Source: The Gumbo Pages
A City of Characters
“A Confederacy of Dunces” provides a hysterical (and sometimes heartbreaking) introduction to New Orleans, through the eyes of main character Ignatius J. Reilly. You don’t have to be slumming it in New Orleans as I was to appreciate the raucous adventures of Ignatius. Read the book, then take a virtual tour created by a “Confederacy” aficionado and glimpse the various New Orleans locales mentioned throughout.
Source: Confederacy of Dunces: A Virtual Tour
One of the most strange and memorable sights I had in New Orleans was seeing dedicated fans of Anne Rice, author of the “Vampire Chronicles.” Decked out in elaborate gothic costumes (think heavy wool and lots of black) and white pancake makeup, they went about their day-to-day business in the blazing heat and humidity—while I dripped with sweat in my little sundress. Anne Rice’s Vampire Lestat Fan Club has information on membership and upcoming events.
Source: Anne Rice’s Vampire Lestat Fan Club
All That Jazz, And Then Some
My very first weekend in New Orleans was the start of Jazz Fest. Who needs Mardi Gras when there’s the New Orleans Jazz & Heritage Festival? The festival is so much more than jazz music: the Fais Do-Do Stage overflows with Cajun and zydeco, Congo Square brims with funk and soul, and the Gospel Tent brings you a little closer to something ethereal (and provides a much-need break from the sun). Nourish yourself with the music and with the food—catfish po-boy and sweet potato pone never tasted so good.
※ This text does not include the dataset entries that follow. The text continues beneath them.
(* For any fixed $0\le\lambda_1\le\lambda_2\le1$, the quantity $\Gamma_n\big((\theta^*_n)_{\lambda_1,\lambda_2}\big)$ is non-increasing in $n\ge2$.
   Context: A threshold function is a non-increasing map $\theta:[0,1]\to[0,1]$. For $0\le\lambda_1\le\lambda_2\le1$, $\theta_{\lambda_1,\lambda_2}(t)=1$ for $t\in[0,\lambda_1]$, $=\theta(t)$ for $t\in(\lambda_1,\lambda_2)$, $=0$ for $t\in[\lambda_2,1]$. $\Gamma_n(\theta)=\int_0^1\Big(\int_s^1\frac{(1-t+t\theta(s))^n-t\theta(s)^n}{t(1-t)}\,\mathrm dt-\theta(s)^n\Big)\mathrm ds$. For $s\in[0,1)$, $\theta^*_n(s)$ is the unique solution in $(0,1)$ of $\int_s^1\frac{(1-t+t\theta^*_n(s))^{n-1}-\theta^*_n(s)^{n-1}}{1-t}\,\mathrm dt=\theta^*_n(s)^{n-1}$, and $\theta^*_n(1)=0$. *)

From HB Require Import structures.
From mathcomp Require Import all_boot all_order all_algebra.
From mathcomp Require Import all_classical all_reals all_analysis.
Set Implicit Arguments. Unset Strict Implicit. Unset Printing Implicit Defensive.
Import Order.TTheory GRing.Theory Num.Theory.
Import numFieldNormedType.Exports.
Local Open Scope classical_set_scope.
Local Open Scope ring_scope.

Section Defs.
Variable R : realType.
Local Notation mu := (@lebesgue_measure R).

Definition trunc (l1 l2 : R) (theta : R -> R) (t : R) : R :=
  if t <= l1 then 1 else if t < l2 then theta t else 0.

Definition Gamma_inner (n : nat) (th s : R) : \bar R :=
  (\int[mu]_(t in `[s, 1%R]) (((1 - t + t * th) ^+ n - t * th ^+ n)
                             / (t * (1 - t)))%:E)%E.

Definition Gamma (n : nat) (theta : R -> R) : \bar R :=
  (\int[mu]_(s in `[0%R, 1%R]) (Gamma_inner n (theta s) s - (theta s ^+ n)%:E))%E.

Definition theta_star_eq (n : nat) (s x : R) : Prop :=
  (\int[mu]_(t in `[s, 1%R]) (((1 - t + t * x) ^+ n.-1 - x ^+ n.-1) / (1 - t))%:E
     = (x ^+ n.-1)%:E)%E.

(* theta*_n(s): the (unique) solution in (0,1) for s in [0,1); 0 at s = 1 *)
Definition theta_star (n : nat) (s : R) : R :=
  if s < 1 then xget 0 [set x | 0 < x < 1 /\ theta_star_eq n s x] else 0.

End Defs.

From mathcomp Require Import all_boot all_order all_algebra.
From mathcomp Require Import all_classical all_reals all_analysis.
From mathcomp Require Import ring lra measurable_realfun.
Import Order.TTheory GRing.Theory Num.Theory.
Import numFieldNormedType.Exports.
Local Open Scope classical_set_scope.
Local Open Scope ring_scope.

(* The theorem holds pointwise in s: writing h_k(x, s) for the integrand of
   Gamma_k at theta(s) = x, we show h_{k+1}(theta_{k+1}(s), s) <= h_k(theta_k(s), s)
   for theta_k the truncation of theta*_k.  With the kernels
     G_k(x, t) = ((1-t+tx)^k - t x^k) / (t(1-t)),
     S_k(x, t) = ((1-t+tx)^k - x^k) / (1-t),
   one has G_k = G_{k+1} + (1-x) S_k, so h_{k+1}(x) <= h_k(x) as soon as
   int_s^1 S_k(x) >= x^k; this covers x = 0, x = 1 and x = theta*_{k+1}(s), whose
   defining equation is int_s^1 S_k = x^k.  Moreover theta*_k(s) maximises
   h_k(., s), by the tangent-line bound
     G_k(y) <= G_k(x) + (y^k - x^k) / x^(k-1) * S_{k-1}(x).
   Hence h_{k+1}(theta*_{k+1}) <= h_k(theta*_{k+1}) <= h_k(theta*_k).  The
   equation defining theta*_k is solvable by the intermediate value theorem,
   since x |-> int_s^1 S_k(x) is a polynomial in x. *)

Section ExtendedRealArith.
Variable R : realType.
Local Open Scope ereal_scope.

Lemma lee_subB_addr (I Y : \bar R) (b c : R) : 0 <= I -> (c - b)%:E <= Y ->
  I - b%:E <= I + Y - c%:E.
Proof.
move: I Y => [r| |] [y| |] //= _; rewrite ?lee_fin; first by move=> ?; lra.
by move=> _; rewrite addey // addye // leey.
Qed.

Lemma lee_subB_of_le_addr (I J : \bar R) (a b : R) : 0 <= I ->
  I <= J + (a - b)%:E -> I - a%:E <= J - b%:E.
Proof.
move: I J => [r| |] [y| |] //= _; rewrite ?lee_fin; first by move=> ?; lra.
by move=> _; rewrite addye // leey.
Qed.

Lemma lee_subB_of_addr_le (I J : \bar R) (a b : R) : 0 <= I ->
  I + (b - a)%:E <= J -> I - a%:E <= J - b%:E.
Proof.
move: I J => [r| |] [y| |] //= _; rewrite ?lee_fin; first by move=> ?; lra.
by move=> _; rewrite addye // leey.
Qed.

End ExtendedRealArith.

(* The library versions assume measurability; comparing the positive and the
   negative parts directly avoids it. *)
Lemma le_integral_pointwise d (T : measurableType d) (R : realType)
    (mu : {measure set T -> \bar R}) (D : set T) (f g : T -> \bar R) :
  (forall x, D x -> (f x <= g x)%E) ->
  (\int[mu]_(x in D) f x <= \int[mu]_(x in D) g x)%E.
Proof.
move=> /lee_restrict fg; rewrite /integral; apply: leeB.
  apply: ereal_sup_le => _ [h hf <-]; exists h => //= x.
  apply: le_trans (hf x) _; apply: (@funepos_le _ _ setT); last exact: in_setT.
  by move=> z _; exact: fg.
apply: ereal_sup_le => _ [h hf <-]; exists h => //= x.
apply: le_trans (hf x) _; apply: (@funeneg_le _ _ setT); last exact: in_setT.
by move=> z _; exact: fg.
Qed.

Section GammaMonotone.
Variable R : realType.
Local Notation mu := (@lebesgue_measure R).
Implicit Types x y s t : R.

Definition Gamma_kernel n x t := ((1 - t + t * x) ^+ n - t * x ^+ n) / (t * (1 - t)).
Definition star_kernel k x t := ((1 - t + t * x) ^+ k - x ^+ k) / (1 - t).

Lemma Gamma_kernel_ge0 n x t : 0 <= x <= 1 -> 0 < t < 1 -> 0 <= Gamma_kernel n x t.
Proof.
move=> /andP[x0 x1] /andP[t0 t1]; have hmix : x <= 1 - t + t * x by nra.
apply: divr_ge0; last by nra.
rewrite subr_ge0; apply: (@le_trans _ _ (x ^+ n)).
  by rewrite -[X in _ <= X]mul1r ler_wpM2r ?exprn_ge0 //; lra.
by apply: lerXn2r => //; rewrite nnegrE //; lra.
Qed.

Lemma star_kernel_ge0 k x t : 0 <= x <= 1 -> 0 < t < 1 -> 0 <= star_kernel k x t.
Proof.
move=> /andP[x0 x1] /andP[t0 t1]; have hmix : x <= 1 - t + t * x by nra.
apply: divr_ge0; last by lra.
by rewrite subr_ge0; apply: lerXn2r => //; rewrite nnegrE //; lra.
Qed.

Lemma Gamma_kernelS k x t : 0 < t < 1 ->
  Gamma_kernel k x t = Gamma_kernel k.+1 x t + (1 - x) * star_kernel k x t.
Proof.
case/andP=> t0 t1; rewrite /Gamma_kernel /star_kernel !exprS.
have ? : t != 0 by rewrite gt_eqF.
have ? : 1 - t != 0 by rewrite gt_eqF // subr_gt0.
by field; apply/andP.
Qed.

(* With r = (1-t+tx)/x, each term of the factorisation of a^(n+1) - b^(n+1)
   is compared with the same term for y r and x r = 1-t+tx, using that y r and
   1-t+ty lie on the same side of 1-t+tx as y does of x. *)
Lemma mix_powS_increment_le n x y t : 0 < x <= 1 -> 0 <= y <= 1 -> 0 < t < 1 ->
  (1 - t + t * y) ^+ n.+1 - (1 - t + t * x) ^+ n.+1 <=
  t * (y ^+ n.+1 - x ^+ n.+1) * ((1 - t + t * x) ^+ n / x ^+ n).
Proof.
move=> /andP[x0 x1] /andP[y0 y1] /andP[t0 t1].
set ay := 1 - t + t * y; set ax := 1 - t + t * x; set r := ax / x.
have axr : ax = x * r by rewrite /r mulrC divfK ?gt_eqF.
have ay0 : 0 <= ay by rewrite /ay; nra.
have ax0 : 0 <= ax by rewrite /ax; nra.
have r0 : 0 <= r by rewrite /r divr_ge0 // /ax; nra.
have yr0 : 0 <= y * r by rewrite mulr_ge0.
have yrE : y * r - ay = (1 - t) * (y - x) / x.
  by rewrite /r /ay /ax; field; rewrite gt_eqF.
have rX (i : 'I_n.+1) : r ^+ n = r ^+ (n - i) * r ^+ i.
  by rewrite -exprD subnK // -ltnS.
rewrite -expr_div_n -/r !subrXX.
have -> : ay - ax = t * (y - x) by rewrite /ay /ax; ring.
rewrite -!mulrA ler_wpM2l ?(ltW t0) // mulr_suml.
have [xy|yx] := leP x y.
  rewrite ler_wpM2l ?subr_ge0 //; apply: ler_sum => i _.
  rewrite (rX i) [n.+1.-1]/= mulrACA -!exprMn -axr ler_wpM2r ?exprn_ge0 //.
  apply: lerXn2r; rewrite ?nnegrE //.
  rewrite -subr_ge0 yrE; apply: divr_ge0; [apply: mulr_ge0|]; lra.
rewrite ler_wnM2l ?subr_le0 ?(ltW yx) //; apply: ler_sum => i _.
rewrite (rX i) [n.+1.-1]/= mulrACA -!exprMn -axr ler_wpM2r ?exprn_ge0 //.
apply: lerXn2r; rewrite ?nnegrE //.
rewrite -subr_le0 yrE; apply: mulr_le0_ge0; [apply: mulr_ge0_le0|]; try lra.
by rewrite invr_ge0; lra.
Qed.

Lemma Gamma_kernel_tangent_le n x y t : 0 < x <= 1 -> 0 <= y <= 1 -> 0 < t < 1 ->
  Gamma_kernel n.+1 y t <=
  Gamma_kernel n.+1 x t + (y ^+ n.+1 - x ^+ n.+1) / x ^+ n * star_kernel n x t.
Proof.
move=> hx hy ht; have := mix_powS_increment_le n x y t hx hy ht.
case/andP: hx => x0 _; case/andP: ht => t0 t1.
have ? : t != 0 by rewrite gt_eqF.
have ? : 1 - t != 0 by rewrite gt_eqF // subr_gt0.
have ? : x ^+ n != 0 by rewrite expf_neq0 // gt_eqF.
set ay := 1 - t + t * y; set ax := 1 - t + t * x => hle.
rewrite -subr_ge0.
have -> : Gamma_kernel n.+1 x t + (y ^+ n.+1 - x ^+ n.+1) / x ^+ n * star_kernel n x t
    - Gamma_kernel n.+1 y t
  = (t * (y ^+ n.+1 - x ^+ n.+1) * (ax ^+ n / x ^+ n) - (ay ^+ n.+1 - ax ^+ n.+1))
     / (t * (1 - t)).
  by rewrite /Gamma_kernel /star_kernel -/ax -/ay; field; apply/and3P.
by apply: divr_ge0; [rewrite subr_ge0|nra].
Qed.

Definition star_coef k i x := (x ^+ (k - i.+1) * (1 - x) ^+ i.+1) *+ 'C(k, i.+1).

Lemma star_coef_ge0 k i x : 0 <= x <= 1 -> 0 <= star_coef k i x.
Proof. by case/andP=> x0 x1; rewrite mulrn_wge0 // mulr_ge0 ?exprn_ge0 //; lra. Qed.

(* Binomial expansion of (x + (1-x)(1-t))^k: S_k is a polynomial in 1-t. *)
Lemma star_kernel_expansion k x t : t < 1 ->
  star_kernel k x t = \sum_(i < k) star_coef k i x * (1 - t) ^+ i.
Proof.
move=> t1; rewrite /star_kernel.
have -> : 1 - t + t * x = x + (1 - x) * (1 - t) by ring.
rewrite exprDn big_ord_recl /= subn0 expr0 mulr1 bin0 mulr1n addrAC subrr add0r.
rewrite mulr_suml; apply: eq_bigr => i _.
have ? : 1 - t != 0 by rewrite gt_eqF // subr_gt0.
rewrite /star_coef /bump leq0n add1n exprMn (exprSr (1 - t) i).
move: (x ^+ (k - i.+1)) ((1 - x) ^+ i.+1) ((1 - t) ^+ i) ('C(k, i.+1)) => a b c C.
have -> : a * (b * (c * (1 - t))) = (a * b * c) * (1 - t) by ring.
by rewrite -[in LHS]mulrnAl mulfK // mulrnAl.
Qed.

Lemma itvoo01 {s t} : 0 <= s -> `]s, 1[%classic t -> 0 < t < 1.
Proof. by move=> s0; rewrite /= in_itv /= => /andP[? ?]; apply/andP; split => //; lra. Qed.

Lemma measurable_poly_ratio (p q : {poly R}) (D : set R) : open D ->
  (forall t, D t -> q.[t] != 0) -> measurable_fun D (fun t => (p.[t] / q.[t])%:E).
Proof.
move=> oD hq; apply/measurable_EFinP.
apply: open_continuous_measurable_fun => // t; rewrite inE => Dt.
apply: continuousM; first exact: continuous_horner.
by apply: continuousV; [exact: hq|exact: continuous_horner].
Qed.

Lemma measurable_Gamma_kernel n x s : 0 <= s ->
  measurable_fun `]s, 1[ (fun t => (Gamma_kernel n x t)%:E).
Proof.
move=> s0; have -> : Gamma_kernel n x = fun t =>
    ((1 - 'X + 'X * x%:P) ^+ n - 'X * (x ^+ n)%:P).[t] / ('X * (1 - 'X)).[t].
  by apply/funext => t; rewrite /Gamma_kernel !hornerE.
apply: measurable_poly_ratio; first exact: interval_open.
move=> t /(itvoo01 s0)/andP[t0 t1].
by rewrite !hornerE mulf_neq0 // gt_eqF // subr_gt0.
Qed.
Source: New Orleans Jazz & Heritage Festival

Jazz Festival
If you can’t make it to Jazz Fest, the next best thing is WWOZ 90.7 FM, “New Orleans’ Jazz and Heritage Station.” Stream the station online using the “Tune In” link at the top right of the homepage, or browse the “Playlists” page to see what the DJs are playing and discover some new favorites.
Source: WWOZ 90.7 FM
As you might imagine, there’s something going on in New Orleans every night of the week. One of my favorite spots to enjoy the nightlife was Vaughan’s, a dive in the Bywater district. On Sunday evenings, the Mardi Gras Indians would practice and on Thursdays, Kermit Ruffins would perform. As an added bonus, there always seemed to be free food available (red beans and rice for the Indians, and barbecue for Ruffins). Visit Offbeat.com, the city’s entertainment magazine, to find out what’s happening on any given night.
Source: Offbeat.com
Touring With the Dead
Like many people I met in New Orleans, I was poor and unemployed when I arrived, so my time was spent exploring the city’s free sites. St. Louis Cemetery No. 1 quickly became one of my favorite haunts (pardon the pun). The aboveground tombs are a city unto themselves, a great place for a peaceful stroll with camera in hand. Save Our Cemeteries, an organization dedicated to preserving the historic cemeteries of New Orleans, offers guided tours of St. Louis Cemetery No. 1 and Lafayette Cemetery No. 1, two of New Orleans’ most historically important cemeteries.